Where does "into" appear in the data? Return each line that holds it.
Data for this exercise section start
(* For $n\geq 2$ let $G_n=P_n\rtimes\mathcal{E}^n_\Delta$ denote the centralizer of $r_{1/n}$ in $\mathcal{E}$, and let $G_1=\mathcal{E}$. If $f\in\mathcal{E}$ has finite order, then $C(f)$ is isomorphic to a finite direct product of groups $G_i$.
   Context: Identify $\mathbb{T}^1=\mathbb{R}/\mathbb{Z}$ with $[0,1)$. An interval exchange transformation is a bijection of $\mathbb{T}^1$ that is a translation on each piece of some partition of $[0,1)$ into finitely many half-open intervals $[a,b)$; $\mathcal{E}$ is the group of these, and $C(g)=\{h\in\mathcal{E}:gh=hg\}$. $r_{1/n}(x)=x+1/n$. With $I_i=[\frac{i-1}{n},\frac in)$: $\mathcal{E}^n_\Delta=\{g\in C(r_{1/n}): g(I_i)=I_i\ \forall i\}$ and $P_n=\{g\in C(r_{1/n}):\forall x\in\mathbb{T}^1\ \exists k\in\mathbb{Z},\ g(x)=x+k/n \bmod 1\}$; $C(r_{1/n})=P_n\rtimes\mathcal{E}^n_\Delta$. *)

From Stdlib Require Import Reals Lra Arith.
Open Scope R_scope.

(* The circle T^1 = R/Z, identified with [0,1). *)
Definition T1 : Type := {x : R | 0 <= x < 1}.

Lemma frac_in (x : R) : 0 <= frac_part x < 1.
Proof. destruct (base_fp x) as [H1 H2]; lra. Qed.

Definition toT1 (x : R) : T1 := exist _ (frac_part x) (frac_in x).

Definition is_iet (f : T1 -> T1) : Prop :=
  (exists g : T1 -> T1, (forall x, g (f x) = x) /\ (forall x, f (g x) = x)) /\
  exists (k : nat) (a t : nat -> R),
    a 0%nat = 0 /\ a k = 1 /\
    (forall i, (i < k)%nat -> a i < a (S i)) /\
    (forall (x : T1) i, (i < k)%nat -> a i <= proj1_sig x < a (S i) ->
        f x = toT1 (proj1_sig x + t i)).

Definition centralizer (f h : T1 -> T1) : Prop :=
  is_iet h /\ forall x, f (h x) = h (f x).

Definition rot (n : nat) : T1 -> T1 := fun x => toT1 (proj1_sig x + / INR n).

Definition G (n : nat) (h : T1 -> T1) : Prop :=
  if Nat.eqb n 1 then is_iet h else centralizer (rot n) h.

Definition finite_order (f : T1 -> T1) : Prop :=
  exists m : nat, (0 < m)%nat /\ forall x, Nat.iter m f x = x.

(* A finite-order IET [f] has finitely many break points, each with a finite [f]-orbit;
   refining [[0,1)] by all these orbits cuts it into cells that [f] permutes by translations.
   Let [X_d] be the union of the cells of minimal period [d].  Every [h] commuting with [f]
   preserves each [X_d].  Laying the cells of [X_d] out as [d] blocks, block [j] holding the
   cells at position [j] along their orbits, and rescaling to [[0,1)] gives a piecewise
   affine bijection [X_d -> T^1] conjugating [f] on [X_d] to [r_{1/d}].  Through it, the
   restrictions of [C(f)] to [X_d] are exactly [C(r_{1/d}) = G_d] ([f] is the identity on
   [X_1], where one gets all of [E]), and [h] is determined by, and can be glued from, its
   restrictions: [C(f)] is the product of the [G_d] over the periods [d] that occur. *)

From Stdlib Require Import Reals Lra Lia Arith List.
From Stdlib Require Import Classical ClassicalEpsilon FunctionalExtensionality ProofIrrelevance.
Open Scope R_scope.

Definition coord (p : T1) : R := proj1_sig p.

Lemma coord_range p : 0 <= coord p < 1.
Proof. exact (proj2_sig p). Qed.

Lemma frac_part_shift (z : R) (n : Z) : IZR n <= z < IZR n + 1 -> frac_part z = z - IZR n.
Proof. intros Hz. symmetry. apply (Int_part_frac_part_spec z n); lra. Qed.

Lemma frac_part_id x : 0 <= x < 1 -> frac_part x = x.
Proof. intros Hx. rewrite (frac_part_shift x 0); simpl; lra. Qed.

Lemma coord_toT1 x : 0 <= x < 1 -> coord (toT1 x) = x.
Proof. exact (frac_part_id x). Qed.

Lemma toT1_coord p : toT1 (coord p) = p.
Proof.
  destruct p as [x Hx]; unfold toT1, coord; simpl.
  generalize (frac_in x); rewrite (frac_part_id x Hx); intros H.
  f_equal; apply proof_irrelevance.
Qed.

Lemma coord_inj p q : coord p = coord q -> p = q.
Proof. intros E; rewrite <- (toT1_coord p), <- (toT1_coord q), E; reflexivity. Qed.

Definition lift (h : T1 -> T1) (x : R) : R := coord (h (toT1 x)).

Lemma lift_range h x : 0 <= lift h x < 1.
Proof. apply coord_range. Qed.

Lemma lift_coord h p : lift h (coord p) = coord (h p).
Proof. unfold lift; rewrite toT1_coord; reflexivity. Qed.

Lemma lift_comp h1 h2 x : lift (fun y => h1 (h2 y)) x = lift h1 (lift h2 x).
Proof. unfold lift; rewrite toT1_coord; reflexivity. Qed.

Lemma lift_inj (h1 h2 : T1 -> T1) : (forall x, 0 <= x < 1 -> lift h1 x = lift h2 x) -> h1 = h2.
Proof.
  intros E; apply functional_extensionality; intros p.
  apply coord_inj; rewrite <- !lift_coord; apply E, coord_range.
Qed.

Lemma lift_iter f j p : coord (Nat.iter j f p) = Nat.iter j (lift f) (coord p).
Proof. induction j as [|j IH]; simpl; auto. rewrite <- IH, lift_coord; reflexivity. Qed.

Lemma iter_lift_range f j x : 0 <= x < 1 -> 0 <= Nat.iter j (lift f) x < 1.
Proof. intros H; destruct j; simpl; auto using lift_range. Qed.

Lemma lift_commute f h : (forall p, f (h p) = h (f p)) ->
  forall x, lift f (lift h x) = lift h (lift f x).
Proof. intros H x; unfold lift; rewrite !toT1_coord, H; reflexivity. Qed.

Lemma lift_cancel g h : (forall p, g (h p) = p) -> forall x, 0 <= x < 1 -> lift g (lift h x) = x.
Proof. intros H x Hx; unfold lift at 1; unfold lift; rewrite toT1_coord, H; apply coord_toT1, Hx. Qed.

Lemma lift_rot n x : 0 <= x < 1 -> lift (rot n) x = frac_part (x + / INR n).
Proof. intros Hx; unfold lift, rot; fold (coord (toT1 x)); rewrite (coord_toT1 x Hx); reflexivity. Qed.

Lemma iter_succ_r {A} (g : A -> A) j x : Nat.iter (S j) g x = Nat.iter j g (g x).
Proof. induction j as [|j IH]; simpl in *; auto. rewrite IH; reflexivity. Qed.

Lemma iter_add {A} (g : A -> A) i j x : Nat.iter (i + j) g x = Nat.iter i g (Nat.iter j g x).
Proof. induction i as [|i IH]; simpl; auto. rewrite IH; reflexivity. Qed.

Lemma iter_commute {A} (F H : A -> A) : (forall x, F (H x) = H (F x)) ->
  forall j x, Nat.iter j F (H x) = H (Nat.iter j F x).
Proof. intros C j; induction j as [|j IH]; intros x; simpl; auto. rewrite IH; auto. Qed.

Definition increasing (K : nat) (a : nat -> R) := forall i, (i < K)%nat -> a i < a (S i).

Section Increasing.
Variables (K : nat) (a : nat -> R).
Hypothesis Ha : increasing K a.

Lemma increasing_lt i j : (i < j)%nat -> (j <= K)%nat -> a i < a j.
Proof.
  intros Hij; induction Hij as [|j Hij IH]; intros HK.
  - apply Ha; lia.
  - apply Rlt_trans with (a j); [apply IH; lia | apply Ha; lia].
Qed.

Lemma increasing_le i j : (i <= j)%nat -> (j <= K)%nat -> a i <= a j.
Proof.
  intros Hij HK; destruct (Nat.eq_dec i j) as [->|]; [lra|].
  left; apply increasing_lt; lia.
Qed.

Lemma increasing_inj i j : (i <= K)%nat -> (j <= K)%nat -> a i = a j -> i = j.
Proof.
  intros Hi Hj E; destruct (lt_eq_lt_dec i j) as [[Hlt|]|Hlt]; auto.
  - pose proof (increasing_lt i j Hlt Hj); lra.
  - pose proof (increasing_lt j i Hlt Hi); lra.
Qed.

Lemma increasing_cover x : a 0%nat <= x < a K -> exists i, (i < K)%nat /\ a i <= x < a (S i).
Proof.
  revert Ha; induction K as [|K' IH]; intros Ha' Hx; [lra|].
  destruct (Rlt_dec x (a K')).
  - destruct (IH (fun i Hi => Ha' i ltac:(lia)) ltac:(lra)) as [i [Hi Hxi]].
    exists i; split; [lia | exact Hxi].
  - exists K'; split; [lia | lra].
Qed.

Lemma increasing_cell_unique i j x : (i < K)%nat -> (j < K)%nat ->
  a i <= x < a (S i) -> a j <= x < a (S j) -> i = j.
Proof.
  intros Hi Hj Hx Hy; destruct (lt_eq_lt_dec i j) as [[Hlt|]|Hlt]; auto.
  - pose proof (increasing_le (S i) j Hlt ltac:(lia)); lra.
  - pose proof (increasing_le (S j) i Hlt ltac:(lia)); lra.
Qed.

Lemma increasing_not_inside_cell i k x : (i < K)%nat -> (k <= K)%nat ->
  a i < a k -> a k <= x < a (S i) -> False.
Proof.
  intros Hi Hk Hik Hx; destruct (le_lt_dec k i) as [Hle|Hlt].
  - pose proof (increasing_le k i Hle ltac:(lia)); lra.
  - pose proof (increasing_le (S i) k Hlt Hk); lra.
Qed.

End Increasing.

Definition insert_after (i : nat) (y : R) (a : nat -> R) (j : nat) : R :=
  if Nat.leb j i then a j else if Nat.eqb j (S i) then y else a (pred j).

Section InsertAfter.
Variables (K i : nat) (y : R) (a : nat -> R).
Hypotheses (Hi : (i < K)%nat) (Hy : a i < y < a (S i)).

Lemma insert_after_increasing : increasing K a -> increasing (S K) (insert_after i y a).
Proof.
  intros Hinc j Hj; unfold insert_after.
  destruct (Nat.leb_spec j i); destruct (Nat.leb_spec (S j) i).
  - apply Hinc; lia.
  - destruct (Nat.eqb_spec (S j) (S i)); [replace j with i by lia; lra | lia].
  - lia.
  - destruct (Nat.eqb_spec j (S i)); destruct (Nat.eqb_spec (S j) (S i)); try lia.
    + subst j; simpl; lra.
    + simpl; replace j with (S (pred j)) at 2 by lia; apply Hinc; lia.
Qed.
Data for this exercise section end
Data for this exercise section start
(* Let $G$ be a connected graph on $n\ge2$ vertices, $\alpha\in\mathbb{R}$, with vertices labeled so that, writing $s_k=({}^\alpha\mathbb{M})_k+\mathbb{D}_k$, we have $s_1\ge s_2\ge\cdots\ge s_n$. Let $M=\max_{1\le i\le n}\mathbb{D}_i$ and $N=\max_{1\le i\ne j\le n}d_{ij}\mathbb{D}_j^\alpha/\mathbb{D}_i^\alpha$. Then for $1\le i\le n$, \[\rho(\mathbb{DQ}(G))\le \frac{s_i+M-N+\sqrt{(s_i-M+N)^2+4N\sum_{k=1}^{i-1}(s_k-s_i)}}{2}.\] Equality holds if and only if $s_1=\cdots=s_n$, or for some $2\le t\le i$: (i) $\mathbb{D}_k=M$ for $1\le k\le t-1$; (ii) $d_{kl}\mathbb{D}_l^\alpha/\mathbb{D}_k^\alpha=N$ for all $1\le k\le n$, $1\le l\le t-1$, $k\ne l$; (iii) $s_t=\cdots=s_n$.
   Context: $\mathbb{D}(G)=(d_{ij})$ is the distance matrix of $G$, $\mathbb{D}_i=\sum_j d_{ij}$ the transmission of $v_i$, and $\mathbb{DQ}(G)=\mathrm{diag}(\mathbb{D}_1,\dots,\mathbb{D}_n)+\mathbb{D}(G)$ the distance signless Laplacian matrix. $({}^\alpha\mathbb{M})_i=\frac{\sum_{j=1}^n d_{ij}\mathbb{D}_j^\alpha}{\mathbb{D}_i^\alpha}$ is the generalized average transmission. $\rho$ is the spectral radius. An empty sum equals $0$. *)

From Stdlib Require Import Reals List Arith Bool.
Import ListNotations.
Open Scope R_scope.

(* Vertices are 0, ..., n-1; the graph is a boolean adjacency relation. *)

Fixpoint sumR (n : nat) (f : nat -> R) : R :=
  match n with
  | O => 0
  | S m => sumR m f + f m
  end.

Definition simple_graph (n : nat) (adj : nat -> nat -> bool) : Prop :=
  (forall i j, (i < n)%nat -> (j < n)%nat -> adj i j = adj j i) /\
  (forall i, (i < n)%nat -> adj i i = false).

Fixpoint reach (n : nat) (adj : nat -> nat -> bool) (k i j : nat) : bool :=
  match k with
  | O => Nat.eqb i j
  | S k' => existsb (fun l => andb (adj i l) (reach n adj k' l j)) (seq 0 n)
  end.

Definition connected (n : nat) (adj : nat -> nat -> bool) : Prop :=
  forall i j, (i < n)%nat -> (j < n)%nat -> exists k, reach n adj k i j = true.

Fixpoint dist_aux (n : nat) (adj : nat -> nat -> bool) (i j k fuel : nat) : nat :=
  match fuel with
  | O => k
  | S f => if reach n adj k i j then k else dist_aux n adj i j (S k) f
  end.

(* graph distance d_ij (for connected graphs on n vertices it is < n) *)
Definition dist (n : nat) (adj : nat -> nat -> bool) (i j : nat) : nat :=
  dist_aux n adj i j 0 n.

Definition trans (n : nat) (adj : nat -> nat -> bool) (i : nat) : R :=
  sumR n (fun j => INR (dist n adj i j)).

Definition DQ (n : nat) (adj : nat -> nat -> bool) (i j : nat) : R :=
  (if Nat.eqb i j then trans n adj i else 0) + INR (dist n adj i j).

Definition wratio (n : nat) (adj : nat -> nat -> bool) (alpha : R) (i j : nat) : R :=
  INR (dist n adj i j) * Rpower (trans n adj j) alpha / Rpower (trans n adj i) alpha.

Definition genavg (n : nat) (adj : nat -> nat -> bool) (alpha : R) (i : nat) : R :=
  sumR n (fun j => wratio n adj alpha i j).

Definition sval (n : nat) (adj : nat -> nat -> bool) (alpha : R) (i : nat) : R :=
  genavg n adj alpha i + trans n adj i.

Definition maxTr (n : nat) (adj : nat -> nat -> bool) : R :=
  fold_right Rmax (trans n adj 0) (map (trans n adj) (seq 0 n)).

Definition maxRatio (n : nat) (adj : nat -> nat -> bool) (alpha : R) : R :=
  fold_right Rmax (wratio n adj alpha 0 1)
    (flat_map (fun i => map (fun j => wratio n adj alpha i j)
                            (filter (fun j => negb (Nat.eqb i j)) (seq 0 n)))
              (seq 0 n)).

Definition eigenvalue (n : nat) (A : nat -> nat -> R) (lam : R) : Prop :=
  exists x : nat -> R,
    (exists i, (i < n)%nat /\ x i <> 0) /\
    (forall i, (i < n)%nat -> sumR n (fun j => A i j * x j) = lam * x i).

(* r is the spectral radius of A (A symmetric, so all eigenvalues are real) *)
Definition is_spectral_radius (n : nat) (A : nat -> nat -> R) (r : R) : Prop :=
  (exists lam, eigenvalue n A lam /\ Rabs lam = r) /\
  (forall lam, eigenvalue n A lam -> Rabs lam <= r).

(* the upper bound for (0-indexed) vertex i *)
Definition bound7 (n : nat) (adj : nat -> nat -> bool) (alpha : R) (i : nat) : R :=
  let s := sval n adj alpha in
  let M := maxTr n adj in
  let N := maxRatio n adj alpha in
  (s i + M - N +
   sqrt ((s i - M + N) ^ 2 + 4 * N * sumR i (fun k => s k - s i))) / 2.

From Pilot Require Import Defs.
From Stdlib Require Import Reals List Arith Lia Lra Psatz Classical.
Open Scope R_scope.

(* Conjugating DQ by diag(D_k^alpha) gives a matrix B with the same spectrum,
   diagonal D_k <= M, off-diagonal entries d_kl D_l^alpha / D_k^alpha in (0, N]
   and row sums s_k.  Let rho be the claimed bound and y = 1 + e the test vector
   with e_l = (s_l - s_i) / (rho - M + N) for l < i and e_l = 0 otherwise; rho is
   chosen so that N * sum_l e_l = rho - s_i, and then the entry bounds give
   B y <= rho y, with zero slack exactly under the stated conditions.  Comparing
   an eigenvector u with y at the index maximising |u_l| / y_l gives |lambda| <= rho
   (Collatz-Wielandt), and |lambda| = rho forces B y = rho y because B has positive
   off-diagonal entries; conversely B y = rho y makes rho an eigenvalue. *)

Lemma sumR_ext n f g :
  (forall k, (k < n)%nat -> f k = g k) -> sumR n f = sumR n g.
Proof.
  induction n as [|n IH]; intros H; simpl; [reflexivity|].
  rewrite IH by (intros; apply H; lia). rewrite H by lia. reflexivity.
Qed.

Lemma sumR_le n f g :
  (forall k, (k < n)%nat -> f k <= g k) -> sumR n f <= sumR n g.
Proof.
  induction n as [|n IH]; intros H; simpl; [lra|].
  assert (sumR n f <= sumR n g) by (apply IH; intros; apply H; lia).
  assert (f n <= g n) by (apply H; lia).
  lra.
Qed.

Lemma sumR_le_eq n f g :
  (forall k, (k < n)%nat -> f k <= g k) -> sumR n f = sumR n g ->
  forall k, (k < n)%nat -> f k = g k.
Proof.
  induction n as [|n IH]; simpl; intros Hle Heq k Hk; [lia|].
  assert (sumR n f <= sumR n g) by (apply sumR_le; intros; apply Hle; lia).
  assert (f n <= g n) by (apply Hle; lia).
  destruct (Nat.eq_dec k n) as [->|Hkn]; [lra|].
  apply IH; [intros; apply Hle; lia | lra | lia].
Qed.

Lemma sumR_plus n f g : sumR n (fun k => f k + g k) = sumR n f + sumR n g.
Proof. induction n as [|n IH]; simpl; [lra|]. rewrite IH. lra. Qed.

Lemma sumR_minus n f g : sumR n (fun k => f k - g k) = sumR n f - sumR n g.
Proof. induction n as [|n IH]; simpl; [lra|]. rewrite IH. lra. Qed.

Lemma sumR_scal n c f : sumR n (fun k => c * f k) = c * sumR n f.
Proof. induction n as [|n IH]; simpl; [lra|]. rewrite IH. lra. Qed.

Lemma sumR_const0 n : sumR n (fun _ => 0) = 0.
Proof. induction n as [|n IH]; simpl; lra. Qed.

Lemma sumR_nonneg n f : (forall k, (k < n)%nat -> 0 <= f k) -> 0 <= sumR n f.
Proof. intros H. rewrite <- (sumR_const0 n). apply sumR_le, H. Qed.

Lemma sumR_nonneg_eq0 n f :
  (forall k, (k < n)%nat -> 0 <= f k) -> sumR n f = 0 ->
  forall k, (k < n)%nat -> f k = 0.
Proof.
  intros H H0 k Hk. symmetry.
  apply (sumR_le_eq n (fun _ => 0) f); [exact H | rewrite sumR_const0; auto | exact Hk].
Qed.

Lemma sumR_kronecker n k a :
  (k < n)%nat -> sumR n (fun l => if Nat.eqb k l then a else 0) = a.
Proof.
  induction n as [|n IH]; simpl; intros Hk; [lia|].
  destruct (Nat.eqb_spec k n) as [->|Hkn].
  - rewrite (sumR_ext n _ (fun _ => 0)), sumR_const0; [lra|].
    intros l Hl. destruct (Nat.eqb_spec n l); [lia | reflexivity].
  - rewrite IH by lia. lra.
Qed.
Data for this exercise section end
Output below:
   Context: Identify $\mathbb{T}^1=\mathbb{R}/\mathbb{Z}$ with $[0,1)$. An interval exchange transformation is a bijection of $\mathbb{T}^1$ that is a translation on each piece of some partition of $[0,1)$ into finitely many half-open intervals $[a,b)$; $\mathcal{E}$ is the group of these, and $C(g)=\{h\in\mathcal{E}:gh=hg\}$. $r_{1/n}(x)=x+1/n$. With $I_i=[\frac{i-1}{n},\frac in)$: $\mathcal{E}^n_\Delta=\{g\in C(r_{1/n}): g(I_i)=I_i\ \forall i\}$ and $P_n=\{g\in C(r_{1/n}):\forall x\in\mathbb{T}^1\ \exists k\in\mathbb{Z},\ g(x)=x+k/n \bmod 1\}$; $C(r_{1/n})=P_n\rtimes\mathcal{E}^n_\Delta$. *)
   refining [[0,1)] by all these orbits cuts it into cells that [f] permutes by translations.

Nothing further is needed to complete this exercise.